Build a Better Netflix, Win a Million Dollars?
An anonymous reader writes "In a quest to better movie recommendations, Netflix is opening their database (nytimes, registration and first child required) to users to try to craft a better recommendation technology. The problem is not easy. Says one researcher: 'You're competing with 15 years of really smart people banging away at the problem.'" Recommender systems are really an interesting problem, and that is likely very interesting data to play with.
http://www.netflixprize.com/
I saw the Sign, and it opened up my eyes
The problem with recommendation systems is that they use too little information to catagorize their subject.
What they need to do is copy the methods of the Music Genome Project (www.pandora.com), and list a larger set of attributes for the films. This way it can recommend films by checking many more characteristics, such as director, tone, writer, or subject.
In this contest, you run your own code and submit the results to NetFlix to be scored. This means that you can use any other data (e.g. A Movie Genome projct) you can compile to enhance your rankings. Netflix apparently specifically designed the contest to allow this.

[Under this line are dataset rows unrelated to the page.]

(* Let $\mathbb K$ be a naturally ordered positive semiring, let $\mathrm{q}_{\mathrm{path}}=\exists x\exists y\exists z\,(R(x;y)\wedge S(y;z))$ with $\Sigma$ the key constraints stating that the first attribute of $R$ and the first attribute of $S$ are keys. Then for every $\mathbb K$-database $\mathfrak D$ with active domain $D$, \[\mathrm{mCA}_{\mathbb K}(\mathrm{q}_{\mathrm{path}},\Sigma,\mathfrak D)=\sum_{a\in D}\ \min_{b\in D:\,R^{\mathfrak D}(a,b)\neq0}\Big(R^{\mathfrak D}(a,b)\times\min_{c\in D:\,S^{\mathfrak D}(b,c)\neq 0}S^{\mathfrak D}(b,c)\Big),\] with the convention $\min(\emptyset)=0$. Equivalently, this value is the value on $\mathfrak D$ of the $\mathcal L_{\mathbb K}$-sentence $\exists x\,\nabla_{R(x,y)}y.\big(R(x,y)\times\nabla_{S(y,z)}z.\,S(y,z)\big)$, where $\nabla_G$ denotes guarded minimization (minimum over the elements satisfying the guard with non-zero value, and $0$ if there are none).
   Context: A commutative semiring $\mathbb K=(K,+,\times,0,1)$ is positive if $a+b=0$ implies $a=b=0$ and it has no zero divisors; naturally ordered if $a\le_{\mathbb K}b:\iff\exists c\,(a+c=b)$ is a total order; minima are w.r.t. $\le_{\mathbb K}$. A $\mathbb K$-database $\mathfrak D$ assigns to $R,S$ binary functions $R^{\mathfrak D},S^{\mathfrak D}:\mathrm A^2\to K$ with finite support; the active domain $D$ is the non-empty set of values occurring in tuples with non-zero annotation. $\mathfrak D'\subseteq\mathfrak D$ means supports are included and values agree on the support of $\mathfrak D'$. A repair of $\mathfrak D$ is a $\subseteq$-maximal $\mathfrak D'\subseteq\mathfrak D$ such that no two distinct tuples with non-zero annotation in $R^{\mathfrak D'}$ (resp. $S^{\mathfrak D'}$) share their first component. The value of a closed CQ $\exists\vec y(R_1(\vec z_1)\wedge\dots\wedge R_k(\vec z_k))$ on $\mathfrak D$ is $\sum_{\vec a\in D^{|\vec y|}}\prod_i R_i^{\mathfrak D}(\vec z_i[\vec a/\vec y])$, and $\mathrm{mCA}_{\mathbb K}(q,\Sigma,\mathfrak D)$ is the minimum of this value over all repairs of $\mathfrak D$. *)

From HB Require Import structures.
From mathcomp Require Import all_boot all_algebra.
From mathcomp Require Import finmap.
From Stdlib Require Import ClassicalEpsilon.
Set Implicit Arguments. Unset Strict Implicit. Unset Printing Implicit Defensive.
Import GRing.Theory.
Local Open Scope fset_scope.
Local Open Scope ring_scope.

Section Semiring.
Variable K : comPzSemiRingType.

Definition positive_semiring : Prop :=
  (forall a b : K, a + b = 0 -> a = 0 /\ b = 0) /\
  (forall a b : K, a * b = 0 -> a = 0 \/ b = 0).

Definition leK (a b : K) : Prop := exists c, a + c = b.

(* naturally ordered: the natural preorder is a total order
   (reflexivity and transitivity always hold) *)
Definition naturally_ordered : Prop :=
  (forall a b : K, leK a b -> leK b a -> a = b) /\
  (forall a b : K, leK a b \/ leK b a).

Definition minK2 (a b : K) : K :=
  if excluded_middle_informative (leK a b) then a else b.

Definition minK (s : seq K) : K :=
  match s with
  | [::] => 0
  | x :: s' => foldr minK2 x s'
  end.

Definition is_minimum (P : K -> Prop) (m : K) : Prop :=
  P m /\ forall x, P x -> leK m x.
End Semiring.

Section Databases.
Variables (A : choiceType) (K : comPzSemiRingType).

Record db := DB {
  relR : {fsfun A * A -> K with 0};
  relS : {fsfun A * A -> K with 0} }.

Definition adom (d : db) : {fset A} :=
  [fset t.1 | t in finsupp (relR d)] `|` [fset t.2 | t in finsupp (relR d)]
  `|` [fset t.1 | t in finsupp (relS d)] `|` [fset t.2 | t in finsupp (relS d)].

Definition subdb (d' d : db) : Prop :=
  (forall t, relR d' t != 0 -> relR d t != 0 /\ relR d t = relR d' t) /\
  (forall t, relS d' t != 0 -> relS d t != 0 /\ relS d t = relS d' t).

Definition satisfies_keys (d : db) : Prop :=
  (forall a b b', relR d (a, b) != 0 -> relR d (a, b') != 0 -> b = b') /\
  (forall a b b', relS d (a, b) != 0 -> relS d (a, b') != 0 -> b = b').

Definition repair (d' d : db) : Prop :=
  subdb d' d /\ satisfies_keys d' /\
  (forall d'', subdb d'' d -> satisfies_keys d'' -> subdb d' d'' -> d'' = d').

Definition qpath_value (d : db) : K :=
  \sum_(x <- adom d) \sum_(y <- adom d) \sum_(z <- adom d)
     relR d (x, y) * relS d (y, z).

Definition is_mCA_qpath (d : db) (m : K) : Prop :=
  is_minimum (fun v => exists d', repair d' d /\ v = qpath_value d') m.

Definition qpath_rhs (d : db) : K :=
  \sum_(a <- adom d)
     minK [seq relR d (a, b) *
               minK [seq relS d (b, c) | c <- adom d & relS d (b, c) != 0]
          | b <- adom d & relR d (a, b) != 0].
End Databases.

From HB Require Import structures.
From mathcomp Require Import all_boot all_algebra.
From mathcomp Require Import finmap.
From Stdlib Require Import Classical ClassicalEpsilon.
Set Implicit Arguments. Unset Strict Implicit. Unset Printing Implicit Defensive.
Import GRing.Theory.
Local Open Scope fset_scope.
Local Open Scope ring_scope.

(* A repair chooses, independently in R and in S, exactly one tuple in every
   key block: it is a maximal keyed subrelation of R and of S.  The repair that
   keeps in each S-block b a cheapest tuple, of weight m_S(b), and in each
   R-block a a tuple minimising R(a,b) * m_S(b), has value the right-hand
   side.  Any other repair is at least as expensive block by block, because in
   a naturally ordered semiring a sum dominates each of its summands and
   multiplication is monotone. *)

Section NaturalOrder.
Variable K : comPzSemiRingType.

Lemma leK_refl (a : K) : leK a a.
Proof. by exists 0; rewrite addr0. Qed.

Lemma leK_trans (a b c : K) : leK a b -> leK b c -> leK a c.
Proof. by move=> [x <-] [y <-]; exists (x + y); rewrite addrA. Qed.

Lemma le0K (a : K) : leK 0 a.
Proof. by exists a; rewrite add0r. Qed.

Lemma leKD (a b c e : K) : leK a b -> leK c e -> leK (a + c) (b + e).
Proof. by move=> [x <-] [y <-]; exists (x + y); rewrite -!addrA (addrCA c). Qed.

Lemma leK_mul2l (c a b : K) : leK a b -> leK (c * a) (c * b).
Proof. by move=> [x <-]; exists (c * x); rewrite mulrDr. Qed.

Lemma leK_sum (I : eqType) (s : seq I) (F G : I -> K) :
  (forall i, i \in s -> leK (F i) (G i)) ->
  leK (\sum_(i <- s) F i) (\sum_(i <- s) G i).
Proof.
elim: s => [|x s IH] FG; first by rewrite !big_nil; apply: leK_refl.
rewrite !big_cons; apply: leKD; first by apply: FG; rewrite mem_head.
by apply: IH => i si; apply: FG; rewrite inE si orbT.
Qed.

From http://www.netflixprize.com/ :
To prevent certain inferences being drawn about the Netflix customer base, some of the rating data for some customers in the training and qualifying sets have been deliberately perturbed in one or more of the following ways: deleting ratings; inserting alternative ratings and dates; and modifying rating dates.
Plus all the usual replacing of IDs and such you'd expect. Looks like they're trying to avoid a repeat of the AOL debacle at least.
[ cruise / casual-tempest.net / xenogamous.com / transference.org / quantam sufficit ]
I see that the NYT article linked to just about everything except MovieLens. I've used the site, and folks might like to try it out. It looks simple, but it's fairly nice, having some of those fun dynamic pages that are all the rage these days. One neat thing in comparison to Netflix is that it will give a projected star rating for you, rather than simply saying "Recommended".
Of course, I'm biased since I had John Riedl as a professor in a few easy classes. I think he tried to spin off this research as a new company, but I'm not sure if it ever got off the ground.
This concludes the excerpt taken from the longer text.